18.4 \(k\)-NN decision boundary

ex <- seq(min(X$x), max(X$x), length.out = 50)
ey <- seq(min(X$y), max(X$y), length.out = 50)
grid <- merge(ex, ey)
grid$c <- knn(X, grid, y, k = 1)
ggplot(grid, aes(x, y)) +
   geom_tile(data = grid,
             aes(fill = c),
             alpha = 0.35) +
   geom_point(data = yinyang,
              aes(col = c),
              size = 0.5) +
   theme(legend.position = "none") +
   coord_fixed()

plot of chunk unnamed-chunk-4

DBPlot <- function(Xt, yt, Xv, yv, k = 1, nGrid = 100) {
   ex <- seq(min(train$x), max(train$x), length.out=nGrid)
   ey <- seq(min(train$y), max(train$y), length.out=nGrid)
   grid <- merge(ex, ey)
   grid$yhat <- knn(Xt, grid, yt, k = k)
   Xv$c <- yv
   ggplot(grid) +
      geom_tile(data = grid,
                aes(x, y, fill = yhat),
                alpha = 0.3) +
      geom_point(data = Xv,
                 aes(x, y, col = factor(c)),
                 size = 0.5) +
      theme(legend.position = "none") +
      coord_fixed()
}
# DBPlot(Xt, yt, Xt, yt, 1)

18.5 Confusion matrix

18.5.1 Confusion matrix

yhat <- knn(X, X, y, k = 3)
table(yhat, y)

##     y
## yhat   0   1
##    0 104   7
##    1   5  84

yhat <- knn(X, X, y, k = 5)
table(yhat, y)

##     y
## yhat   0   1
##    0 105   9
##    1   4  82

18.5.2 Accuracy

Percentage of correct predictions

yhat <- knn(X, X, y, k = 3)
cm <- table(yhat, y)
cm

##     y
## yhat   0   1
##    0 104   7
##    1   5  84

(cm[1,1] + cm[2,2])/sum(cm)

## [1] 0.94

mean(yhat == y)

## [1] 0.94

18.6 Overfitting and validation

if \(k=1\) overfits:

yhat <- knn(X, X, y, k = 1)
table(yhat, y)

##     y
## yhat   0   1
##    0 109   0
##    1   0  91

Need data the model hasn’t seen.
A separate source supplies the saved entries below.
Lemma differentiable_withM f g p Df Dg :
  differentiable_with f p Df -> differentiable_with g p Dg ->
  differentiable_with (fun y => f y * g y) p (fun v => f p * Dg v + g p * Df v).
Proof.
move=> [df Df_eq] [dg Dg_eq]; split; first exact: (differentiableM df dg).
move=> v; rewrite (_ : (fun y => f y * g y) = f * g) //.
by rewrite deriveM ?Df_eq ?Dg_eq //; exact: diff_derivable.
Qed.

Lemma differentiable_withV f p Df : differentiable_with f p Df -> f p != 0 ->
  differentiable_with (fun y => (f y)^-1) p (fun v => - (f p) ^- 2 * Df v).
Proof.
move=> [df Df_eq] fp_neq0; split; first exact: differentiableV.
by move=> v; rewrite deriveV ?Df_eq //; exact: diff_derivable.
Qed.

Lemma differentiable_with_sum m (f : 'I_m -> V -> R) p Df :
  (forall k, differentiable_with (f k) p (Df k)) ->
  differentiable_with (fun y => \sum_(k < m) f k y) p (fun v => \sum_(k < m) Df k v).
Proof.
elim: m f Df => [|m IH] f Df dfk.
  under eq_fun do rewrite big_ord0.
  by under [X in differentiable_with _ _ X]eq_fun do rewrite big_ord0;
     exact: differentiable_with_cst.
under eq_fun do rewrite big_ord_recr.
under [X in differentiable_with _ _ X]eq_fun do rewrite big_ord_recr.
by apply: differentiable_withD; [exact: IH | exact: dfk].
Qed.

Lemma differentiable_with_row N (f : 'I_N -> V -> R) p Df :
  (forall k, differentiable_with (f k) p (Df k)) ->
  differentiable (fun y => \row_k f k y) p /\
  forall v, 'D_v (fun y => \row_k f k y) p = \row_k Df k v.
Proof.
move=> dfk.
have -> : (fun y => \row_k f k y) = \sum_(k < N) (fun y => f k y *: ('e_k : 'rV[R]_N)).
  apply: funext => y; rewrite fct_sumE [LHS]row_sum_delta.
  by apply: eq_bigr => k _; rewrite mxE.
have dek k : differentiable (fun y => f k y *: ('e_k : 'rV[R]_N)) p.
  exact/differentiableZl/(dfk k).1.
split; first exact: differentiable_sum.
move=> v; rewrite derive_sum; last by move=> k; exact: diff_derivable.
rewrite [RHS]row_sum_delta; apply: eq_bigr => k _.
have [dk Dk] := dfk k.
by rewrite deriveE // diffZl //= -deriveE // Dk mxE.
Qed.

End DirectionalDerivatives.

(* Linearisation of [hcomp]: [g i] stands for G_i(x) and [dg i * B i k] for
   y_{delta_i|i} dG_i/dx_k; [W i a] is the (a|i) component of the argument. *)
Definition lin_age_comp (K : fieldType) m (delta : 'I_m -> nat)
  (sg : 'I_m -> nat -> K) (g dg : 'I_m -> K) (B : 'M[K]_m)
  (W : 'I_m -> nat -> K) (i : 'I_m) (a : nat) : K :=
  let S := \sum_(j < m) B i j * W j (delta j) in
  if delta i == 0%N then sg i 0%N * W i 0%N + (g i * W i 0%N + dg i * S)
  else if a == 0%N then g i * W i (delta i) + dg i * S
  else if (a < delta i)%N then sg i a.-1 * W i a.-1
  else sg i (delta i).-1 * W i (delta i).-1 + sg i (delta i) * W i (delta i).

Definition lin_age_map (K : fieldType) m (delta : 'I_m -> nat)
  (sg : 'I_m -> nat -> K) (g dg : 'I_m -> K) (B : 'M[K]_m)
  (v : 'rV[K]_(dimY delta)) : 'rV[K]_(dimY delta) :=
  \row_k (let ia := enum_val k in
          lin_age_comp delta sg g dg B (ycomp v) (tag ia)
            (nat_of_ord (tagged ia))).

Lemma lin_age_mapDZ (K : fieldType) m (delta : 'I_m -> nat)
  (sg : 'I_m -> nat -> K) (g dg : 'I_m -> K) (B : 'M[K]_m) (c : K)
  (u w : 'rV[K]_(dimY delta)) :
  lin_age_map sg g dg B (c *: u + w) =
  c *: lin_age_map sg g dg B u + lin_age_map sg g dg B w.
Proof.
apply/rowP => k; rewrite !mxE /lin_age_comp.
have ycompDZ i a : ycomp (c *: u + w) i a = c * ycomp u i a + ycomp w i a.
  by rewrite /ycomp !mxE.
have sumDZ i : \sum_(j < m) B i j * ycomp (c *: u + w) j (delta j) =
    c * \sum_(j < m) B i j * ycomp u j (delta j)
    + \sum_(j < m) B i j * ycomp w j (delta j).
  by rewrite mulr_sumr -big_split; apply: eq_bigr => j _; rewrite ycompDZ /=; ring.
rewrite sumDZ !ycompDZ.
case: (delta _ == 0%N); first by ring.
case: (_ == 0%N); first by ring.
by case: (_ < _)%N; ring.
Qed.

Lemma map_lin_age_map (K L : fieldType) (f : {rmorphism K -> L}) m
  (delta : 'I_m -> nat) (sg : 'I_m -> nat -> K) (g dg : 'I_m -> K)
  (B : 'M[K]_m) (v : 'rV[K]_(dimY delta)) :
  map_mx f (lin_age_map sg g dg B v) =
  lin_age_map (fun i a => f (sg i a)) (f \o g) (f \o dg) (map_mx f B)
    (map_mx f v).
Proof.
apply/rowP => k; rewrite !mxE /lin_age_comp.
have ycomp_map i a : ycomp (map_mx f v) i a = f (ycomp v i a).
  by rewrite /ycomp !mxE.
have sum_map i : \sum_(j < m) map_mx f B i j * ycomp (map_mx f v) j (delta j) =
    f (\sum_(j < m) B i j * ycomp v j (delta j)).
  by rewrite rmorph_sum; apply: eq_bigr => j _; rewrite ycomp_map mxE rmorphM.
rewrite sum_map !ycomp_map /=.
case: (delta _ == 0%N); first by rewrite !rmorphD !rmorphM.
case: (_ == 0%N); first by rewrite !rmorphD !rmorphM.
by case: (_ < _)%N; rewrite ?rmorphD !rmorphM.
Qed.

Section HmapJacobian.
Variables (R : realType) (m : nat) (delta : 'I_m -> nat)
  (sigma : 'I_m -> nat -> R) (lam : 'I_m -> R) (A : 'M[R]_m) (q : 'I_m -> R)
  (ys : 'rV[R]_(dimY delta)).

Definition growth_denom i := 1 + (q i)^-1 * \sum_(k < m) A i k * adults ys k.
Definition growth i := Gcdm lam A q (adults ys) i.
Definition growth_slope i :=
  adults ys i * (- lam i * (growth_denom i)^-2 * (q i)^-1).

Lemma differentiable_with_ycomp i a :
  differentiable_with (fun y => ycomp y i a) ys (fun v => ycomp v i a).
Proof. exact: differentiable_with_coord. Qed.

Lemma differentiable_with_adult_sum i :
  differentiable_with (fun y => \sum_(k < m) A i k * adults y k) ys
    (fun v => \sum_(k < m) A i k * adults v k).
Proof.
apply: differentiable_with_eq (differentiable_with_sum (fun k =>
  differentiable_withM (differentiable_with_cst (A i k) ys)
    (differentiable_with_ycomp k (delta k)))) _ _ => // v.
by apply: eq_bigr => k _; rewrite mulr0 addr0.
Qed.

Lemma differentiable_with_growth i : growth_denom i != 0 ->
  differentiable_with (fun y => Gcdm lam A q (adults y) i) ys
    (fun v => - lam i * (growth_denom i)^-2 * (q i)^-1 *
              \sum_(k < m) A i k * adults v k).
Proof.
move=> denom_neq0.
have ddenom := differentiable_withD (differentiable_with_cst 1 ys)
  (differentiable_withM (differentiable_with_cst (q i)^-1 ys)
     (differentiable_with_adult_sum i)).
apply: differentiable_with_eq (differentiable_withM
  (differentiable_with_cst (lam i) ys) (differentiable_withV ddenom denom_neq0))
  _ _ => // v /=.
by rewrite mulr0 !add0r addr0 /growth_denom; ring.
Qed.

Lemma jacobian_hmap : (forall i, growth_denom i != 0) ->
  forall v, v *m 'J (hmap sigma lam A q) ys =
            lin_age_map sigma growth growth_slope A v.
Proof.
move=> denom_neq0.
pose f (k : 'I_(dimY delta)) (y : 'rV[R]_(dimY delta)) :=
  let ia := enum_val k in hcomp sigma lam A q y (tag ia) (nat_of_ord (tagged ia)).
have df k : differentiable_with (f k) ys (fun v => let ia := enum_val k in
    lin_age_comp delta sigma growth growth_slope A (ycomp v) (tag ia)
      (nat_of_ord (tagged ia))).
  rewrite /f /hcomp /lin_age_comp /=; case: (enum_val k) => i a /=.
  have dG := differentiable_with_growth (denom_neq0 i).
  have dsy b := differentiable_withM (differentiable_with_cst (sigma i b) ys)
    (differentiable_with_ycomp i b).
  case: eqP => [d0|d_neq0].
    apply: differentiable_with_eq (differentiable_withD (dsy 0%N)
      (differentiable_withM dG (differentiable_with_ycomp i 0))) _ _ => // v /=.
    by rewrite /growth_slope /growth /adults d0; ring.
  case: eqP => [a0|a_neq0].
    apply: differentiable_with_eq (differentiable_withM dG
      (differentiable_with_ycomp i (delta i))) _ _ => // v /=.
    by rewrite /growth_slope /growth /adults; ring.
  case: ltnP => _.
    by apply: differentiable_with_eq (dsy a.-1) _ _ => // v /=; ring.
  apply: differentiable_with_eq
    (differentiable_withD (dsy (delta i).-1) (dsy (delta i))) _ _ => // v /=.
  ring.
have [dh Dh] := differentiable_with_row df.
by move=> v; rewrite -deriveEjacobian.
Qed.

End HmapJacobian.

Lemma le_norm_char_factor (C : numFieldType) (z s : C) d :
  0 <= s -> 1 <= `|z| -> 1 - s <= `|z ^+ d * (z - s)|.
Proof.
move=> s_ge0 z_ge1; rewrite normrM normrX.
apply: (@le_trans _ _ `|z - s|).
  by apply: le_trans (lerB_dist z s); rewrite (ger0_norm s_ge0) lerD2r.
by apply: ler_peMl => //; exact: exprn_ege1.
Qed.

Section AgeEigenvector.
Variables (C : numFieldType) (m : nat) (delta : 'I_m -> nat).
Variables (sg : 'I_m -> nat -> C) (g dg wt : 'I_m -> C) (B : 'M[C]_m).
Variables (v : 'rV[C]_(dimY delta)) (z : C).
Hypothesis B_ge0 : forall i j, 0 <= B i j.
Hypothesis B_dom : forall i, \sum_(j < m | j != i) B i j < B i i.
Hypothesis sg_adult_ge0 : forall i, 0 <= sg i (delta i).
Hypothesis recruit_growth :
  forall i, (\prod_(a < delta i) sg i a) * g i = 1 - sg i (delta i).
Hypothesis recruit_slope : forall i, (\prod_(a < delta i) sg i a) * dg i = - wt i.
Hypothesis wt_gt0 : forall i, 0 < wt i.
Hypothesis wt_diag_le : forall i, wt i * B i i <= 1 - sg i (delta i).
Hypothesis eigen_v : lin_age_map sg g dg B v = z *: v.
Hypothesis z_ge1 : 1 <= `|z|.

Local Notation W := (ycomp v).
Local Notation adult_sum i := (\sum_(j < m) B i j * W j (delta j)).

Lemma ycomp_eigen i a : (a <= delta i)%N ->
  z * W i a = lin_age_comp delta sg g dg B W i a.
Proof.
move=> a_le.
pose k := enum_rank (Tagged (fun j => 'I_(delta j).+1) (inord a : 'I_(delta i).+1)).
by move/rowP: eigen_v => /(_ k); rewrite !mxE /k enum_rankK /= inordK ?ltnS.
Qed.

Lemma juvenile_eigen i a : (0 < delta i)%N -> (a < delta i)%N ->
  z ^+ a * W i a = (\prod_(b < a) sg i b) * W i 0%N.
Proof.
move=> d_gt0; elim: a => [|a IH] a_lt; first by rewrite expr0 mul1r big_ord0 mul1r.
rewrite exprSr -mulrA ycomp_eigen ?(ltnW a_lt) // /lin_age_comp.
rewrite -[delta i == 0%N]negbK -lt0n d_gt0 a_lt /= mulrCA IH ?(ltnW a_lt) //.
by rewrite big_ord_recr /= mulrA [_ * sg i a]mulrC.
Qed.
Split into training/testing parts:

it <- sample(nrow(X), 0.8*nrow(X))
Xt <- X[it,]
Xv <- X[-it,]
yt <- y[it]
yv <- y[-it]

Train on training data, evaluate on validation data:

## Validation data
yvhat <- knn(Xt, Xv, yt, k = 1)
table(yvhat, yv)

##      yv
## yvhat  0  1
##     0 24  0
##     1  1 15

mean(yvhat == yv)

## [1] 0.975

## Training ata
ythat <- knn(Xt, Xt, yt, k = 1)
table(ythat, yt)

##      yt
## ythat  0  1
##     0 84  0
##     1  0 76

mean(ythat == yt)

## [1] 1

Which \(k\) will give you best validation accuracy?